Lemma pres_eq_gen_inv x : pe [:: (x, false); (x, false)] [::] ->
  pe [:: (x, true)] [:: (x, false)].
Proof.
move=> /(pres_eq_moveL (a := [:: (x, false)]) (b := [:: (x, false)])).
by rewrite winv1 cats0 => ->.
Qed.

Lemma flatten_nseqD (v : word X) a b :
  flatten (nseq (a + b) v) = flatten (nseq a v) ++ flatten (nseq b v).
Proof. by rewrite nseqD flatten_cat. Qed.

Section Powers.
Variable w : word X.
Local Notation P k := (flatten (nseq k w)).
Local Notation N k := (flatten (nseq k (winv w))).

Lemma winv_flatten_nseq k : winv (P k) = N k.
Proof.
by elim: k => [|k IH] //; rewrite -[in LHS]addn1 flatten_nseqD winv_cat IH /= cats0.
Qed.

Lemma wpow_subz (a b : nat) :
  pe (P a ++ N b) (wpow w (a%:Z - b%:Z)%R) /\ pe (N b ++ P a) (wpow w (a%:Z - b%:Z)%R).
Proof.
have [Hba|Hab] := leqP b a.
- have [c ->] : exists c, a = (b + c)%N by exists (a - b)%N; lia.
  have -> : ((b + c)%N%:Z - b%:Z = c%:Z)%R by lia.
  rewrite flatten_nseqD -winv_flatten_nseq /=; split.
    by rewrite -flatten_nseqD addnC flatten_nseqD -catA pres_eq_catV cats0.
  by rewrite catA pres_eq_Vcat.
- have [c ->] : exists c, b = (a + c.+1)%N by exists (b - a.+1)%N; lia.
  have -> : (a%:Z - (a + c.+1)%N%:Z = Negz c)%R by rewrite NegzE; lia.
  split.
    by rewrite flatten_nseqD -winv_flatten_nseq catA pres_eq_catV.
  by rewrite addnC flatten_nseqD -catA -[N a]winv_flatten_nseq pres_eq_Vcat cats0.
Qed.

Lemma wpowD (a b : int) : pe (wpow w a ++ wpow w b) (wpow w (a + b)%R).
Proof.
case: a => a; case: b => b /=.
- by rewrite -flatten_nseqD.
- have -> : (a%:Z + Negz b)%R = (a%:Z - b.+1%:Z)%R by rewrite NegzE.
  exact: (wpow_subz a b.+1).1.
- have -> : (Negz a + b%:Z)%R = (b%:Z - a.+1%:Z)%R by rewrite NegzE; lia.
  exact: (wpow_subz b a.+1).2.
- rewrite -[winv w ++ N a]/(N a.+1) -[winv w ++ N b]/(N b.+1).
  by rewrite -flatten_nseqD addSn addnS.
Qed.

End Powers.
End Presentation.

#[global] Existing Instance pres_eq_equiv.
#[global] Existing Instance cat_pres_eq.
#[global] Existing Instance cons_pres_eq.
#[global] Existing Instance winv_pres_eq.

Lemma pres_eq_sub (X : Type) (R1 R2 : word X -> Prop) :
  (forall r, R1 r -> R2 r) -> forall a b, pres_eq R1 a b -> pres_eq R2 a b.
Proof.
move=> sub12 a b; elim=> {a b} [w|a b _ IH|a b c _ IH1 _ IH2|u v x b|u v r Hr].
- reflexivity.
- by symmetry.
- by rewrite IH1.
- exact: pe_cancel.
- by apply: pe_rel; apply: sub12.
Qed.

Lemma pres_eq_relabel (X Y : Type) (R1 : word X -> Prop) (R2 : word Y -> Prop)
    (f : X -> Y) :
  (forall r, R1 r -> pres_eq R2 (relabel f r) [::]) ->
  forall a b, pres_eq R1 a b -> pres_eq R2 (relabel f a) (relabel f b).
Proof.
move=> f_rel a b; elim=> {a b} [w|a b _ IH|a b c _ IH1 _ IH2|u v x b|u v r Hr].
- reflexivity.
- by symmetry.
- by rewrite IH1.
- by rewrite !relabel_cat; apply: pe_cancel.
- by rewrite !relabel_cat (f_rel _ Hr) /=.
Qed.

Section Degree.
Variables (X : Type) (f : X -> int).
Local Open Scope ring_scope.

Definition wdeg (w : word X) : int :=
  \sum_(p <- w) (if p.2 then - f p.1 else f p.1).

Lemma wdeg_cat a b : wdeg (a ++ b) = wdeg a + wdeg b.
Proof. by rewrite /wdeg big_cat. Qed.

Lemma wdeg_cons p w : wdeg (p :: w) = (if p.2 then - f p.1 else f p.1) + wdeg w.
Proof. by rewrite /wdeg big_cons. Qed.

Lemma wdeg_nil : wdeg [::] = 0.
Proof. by rewrite /wdeg big_nil. Qed.

Lemma wdeg_winv w : wdeg (winv w) = - wdeg w.
Proof.
elim: w => [|[x b] w IH]; first by rewrite wdeg_nil oppr0.
rewrite -cat1s winv_cat winv1 !wdeg_cat IH !wdeg_cons wdeg_nil /=.
by case: b => /=; lia.
Qed.

Lemma wdeg_wpow w k : wdeg (wpow w k) = k * wdeg w.
Proof.
have wdeg_nseq n v : wdeg (flatten (nseq n v)) = n%:Z * wdeg v.
  by elim: n => [|n IH] /=; rewrite ?wdeg_nil ?mul0r // wdeg_cat IH; lia.
case: k => k /=; first exact: wdeg_nseq.
by rewrite wdeg_cat wdeg_nseq wdeg_winv NegzE; lia.
Qed.

Lemma pres_eq_wdeg (R : word X -> Prop) :
  (forall r, R r -> wdeg r = 0) -> forall a b, pres_eq R a b -> wdeg a = wdeg b.
Proof.
move=> deg_rel a b; elim=> {a b} [//|a b _ //|a b c _ -> _ -> //|u v x b|u v r Hr].
- by rewrite !wdeg_cat !wdeg_cons; case: b => /=; lia.
- by rewrite !wdeg_cat (deg_rel r Hr) add0r.
Qed.

End Degree.

Section Coxeter.
Variables (S : finType) (m : S -> S -> nat).
Hypothesis m_diag : forall s, m s s = 1%N.
Local Notation Weq := (pres_eq (cox_rel S m)).
Local Notation Ad := (pres_eq (ad_rel S m)).
Local Notation QW := (QW S m).
Local Notation phi := (phi S m).
Local Notation CW := (in_CW S m).

Lemma W_gen_sq s : Weq [:: (s, false); (s, false)] [::].
Proof. by apply: pres_eq_relator; exists s, s; rewrite m_diag. Qed.

Lemma W_gen_inv s : Weq [:: (s, true)] [:: (s, false)].
Proof. exact/pres_eq_gen_inv/W_gen_sq. Qed.

Lemma refl_winv y : is_refl S m y -> Weq (winv y) y.
Proof. by move=> [s [v ->]]; rewrite !winv_cat winvK winv1 W_gen_inv -catA. Qed.

Lemma refl_sq y : is_refl S m y -> Weq (y ++ y) [::].
Proof.
move=> [s [v ->]]; rewrite -!catA (catA v) pres_eq_catV /=.
by rewrite -[[:: _, _ & v]]/([:: (s, false); (s, false)] ++ v) W_gen_sq pres_eq_Vcat.
Qed.

Lemma is_refl_conj x u : is_refl S m x -> is_refl S m (winv u ++ x ++ u).
Proof. by move=> [s [v Hv]]; exists s, (v ++ u); rewrite /W_eq Hv winv_cat -!catA. Qed.

Lemma W_conj_refl_conj a b y rho : Weq a (y ++ b ++ y) -> is_refl S m y ->
  W_conj S m b rho -> W_conj S m a rho.
Proof.
move=> Ha Hy [u Hu]; exists (u ++ y).
by rewrite /W_eq Ha Hu winv_cat (refl_winv Hy) -!catA.
Qed.

Definition phi_letter (p : QW * bool) : word S :=
  if p.2 then winv (sval p.1) else sval p.1.

Lemma phi_cons p w : phi (p :: w) = phi_letter p ++ phi w.
Proof. by []. Qed.

Lemma phi_cat a b : phi (a ++ b) = phi a ++ phi b.
Proof. by rewrite /phi map_cat flatten_cat. Qed.

Lemma phi_winv a : phi (winv a) = winv (phi a).
Proof.
elim: a => [|[x b] a IH] //.
rewrite -cat1s !winv_cat !phi_cat IH winv1 /phi /= !cats0.
by case: b => //=; rewrite winvK.
Qed.

Definition qconj (x : QW) (u : word S) : QW :=
  exist _ (winv u ++ sval x ++ u) (is_refl_conj u (svalP x)).

Lemma Ad_gen_eqW (x y : QW) : Weq (sval x) (sval y) ->
  Ad [:: (x, false)] [:: (y, false)].
Proof.
move=> Hxy.
have rel : ad_rel S m [:: (x, true); (x, false); (x, false); (y, true)].
  by exists x, x, y; split => //; rewrite /W_eq catA (refl_sq (svalP x)) /= Hxy.
have := pres_eq_relator rel.
rewrite -[[:: (x, true); _; _; _]]/([::] ++ [:: (x, true), (x, false) & [:: _; _]]).
rewrite (pe_cancel _ [::] _ x true) /=.
by move=> /(pres_eq_moveR (a := [:: (x, false)])); rewrite winv1.
Qed.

==================================================

• **WHAT YOU SHOULD DO**:
Every line of the records containing the word "winvK" must appear in the answer.

• **WRITTEN RESPONSE**:
Proof. by move=> [s [v ->]]; rewrite !winv_cat winvK winv1 W_gen_inv -catA. Qed.
by case: b => //=; rewrite winvK.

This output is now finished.